Extract the required data from the Fact Internet Sale table using the spark.sql file, changing some of the names to make them clearer:

In [80]:
fact_internet_sale.createOrReplaceTempView('FactInternetSale')
fact_int_sale_sql = spark.sql('SELECT ProductKey, OrderDateKey, SalesTerritoryKey, OrderQuantity AS UnitsSold, TotalProductCost, SalesAmount AS Revenue, TaxAmt AS Taxes, Freight AS DeliveryCost FROM FactInternetSale')
fact_int_sale_sql.show(5)

+----------+------------+-----------------+---------+----------------+--------+--------+------------+
|ProductKey|OrderDateKey|SalesTerritoryKey|UnitsSold|TotalProductCost| Revenue|   Taxes|DeliveryCost|
+----------+------------+-----------------+---------+----------------+--------+--------+------------+
|       310|    20110701|                6|        1|       2171.2942| 3578.27|286.2616|     89.4568|
|       346|    20110701|                7|        1|       1912.1544| 3399.99|271.9992|     84.9998|
|       346|    20110701|                1|        1|       1912.1544| 3399.99|271.9992|     84.9998|
|       336|    20110701|                4|        1|        413.1463|699.0982| 55.9279|     17.4775|
|       346|    20110701|                9|        1|       1912.1544| 3399.99|271.9992|     84.9998|
+----------+------------+-----------------+---------+----------------+--------+--------+------------+
only showing top 5 rows



Creating "Profit" column: 

In [89]:
profit_sale_sql = fact_int_sale_sql.withColumn("Profit", fact_int_sale_sql.Revenue - (fact_int_sale_sql.TotalProductCost + fact_int_sale_sql.Taxes))
profit_sale_sql.show(3)

+----------+------------+-----------------+---------+----------------+-------+--------+------------+--------------+------------------+
|ProductKey|OrderDateKey|SalesTerritoryKey|UnitsSold|TotalProductCost|Revenue|   Taxes|DeliveryCost|RevenueRevenue|            Profit|
+----------+------------+-----------------+---------+----------------+-------+--------+------------+--------------+------------------+
|       310|    20110701|                6|        1|       2171.2942|3578.27|286.2616|     89.4568|          3578|1120.7142000000003|
|       346|    20110701|                7|        1|       1912.1544|3399.99|271.9992|     84.9998|          3399|1215.8364000000001|
|       346|    20110701|                1|        1|       1912.1544|3399.99|271.9992|     84.9998|          3399|1215.8364000000001|
+----------+------------+-----------------+---------+----------------+-------+--------+------------+--------------+------------------+
only showing top 3 rows



DATE TABLE

Contains day, month and year data linked to the FactSale table, which explains the time and date of the sale.
Includes two Key columns, a large number of duplicate columns for the names of days of the week and months in three languages: English, French and Spanish.
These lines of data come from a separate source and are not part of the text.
Lemma nu_root_le (x z : R) : 0 <= x <= z -> nu_root x <= nu_root z.
Proof.
  intros Hxz. apply sqrt_le_1_alt.
  assert (x * x <= z * z) by nra.
  replace ((theta * x) ^ 2) with (theta ^ 2 * (x * x)) by ring.
  replace ((theta * z) ^ 2) with (theta ^ 2 * (z * z)) by ring.
  pose proof (pow2_ge_0 theta). nra.
Qed.

Lemma is_derive_rate_gap (x : R) : -1 < x < 1 -> is_derive rate_gap x (rate_gap' x).
Proof.
  intros Hx. pose proof (nu_root_ge1 x).
  unfold rate_gap, rate_gap', Lambda_star_nu, rademacher_rate. unfold nu_root in *.
  auto_derive; replace (theta * x * (theta * x * 1)) with ((theta * x) ^ 2) by ring.
  - pose proof (pow2_ge_0 (theta * x)). repeat split; lra.
  - set (q := sqrt ((theta * x) ^ 2 + 1)) in *. unfold Rminus. field. repeat split; lra.
Qed.

Lemma is_derive_rate_gap' (x : R) : -1 < x < 1 -> is_derive rate_gap' x (rate_gap'' x).
Proof.
  intros Hx. pose proof (nu_root_ge1 x). pose proof (nu_root_sq x).
  unfold rate_gap', rate_gap''. unfold nu_root in *.
  auto_derive; replace (theta * x * (theta * x * 1)) with ((theta * x) ^ 2) by ring.
  - pose proof (pow2_ge_0 (theta * x)). repeat split; lra.
  - set (q := sqrt ((theta * x) ^ 2 + 1)) in *.
    match goal with |- ?lhs = _ =>
      replace lhs with (theta ^ 2 / (q + 1) - theta ^ 2 * (theta * x) ^ 2 / (q * (q + 1) ^ 2)
                        - (/ (1 + x) + / (1 - x)) / 2)
        by (unfold Rminus; field; repeat split; lra) end.
    replace ((theta * x) ^ 2) with (q * q - 1) by lra.
    field. repeat split; lra.
Qed.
All the data types are correct.

In [10]:
date = spark.read.option('header', 'true').csv('Tables_WWI/DimDate.csv', inferSchema=True)
date.printSchema()

root
 |-- DateKey: integer (nullable = true)
 |-- FullDateAlternateKey: timestamp (nullable = true)
 |-- DayNumberOfWeek: integer (nullable = true)
 |-- EnglishDayNameOfWeek: string (nullable = true)
 |-- SpanishDayNameOfWeek: string (nullable = true)
 |-- FrenchDayNameOfWeek: string (nullable = true)
 |-- DayNumberOfMonth: integer (nullable = true)
 |-- DayNumberOfYear: integer (nullable = true)
 |-- WeekNumberOfYear: integer (nullable = true)
 |-- EnglishMonthName: string (nullable = true)
 |-- SpanishMonthName: string (nullable = true)
 |-- FrenchMonthName: string (nullable = true)
 |-- MonthNumberOfYear: integer (nullable = true)
 |-- CalendarQuarter: integer (nullable = true)
 |-- CalendarYear: integer (nullable = true)
 |-- CalendarSemester: integer (nullable = true)
 |-- FiscalQuarter: integer (nullable = true)
 |-- FiscalYear: integer (nullable = true)
 |-- FiscalSemester: integer (nullable = true)



The total number of days recorded: 4017

In [11]:
rows = date.count()
print(f"date DataFrame Rows count : {rows}")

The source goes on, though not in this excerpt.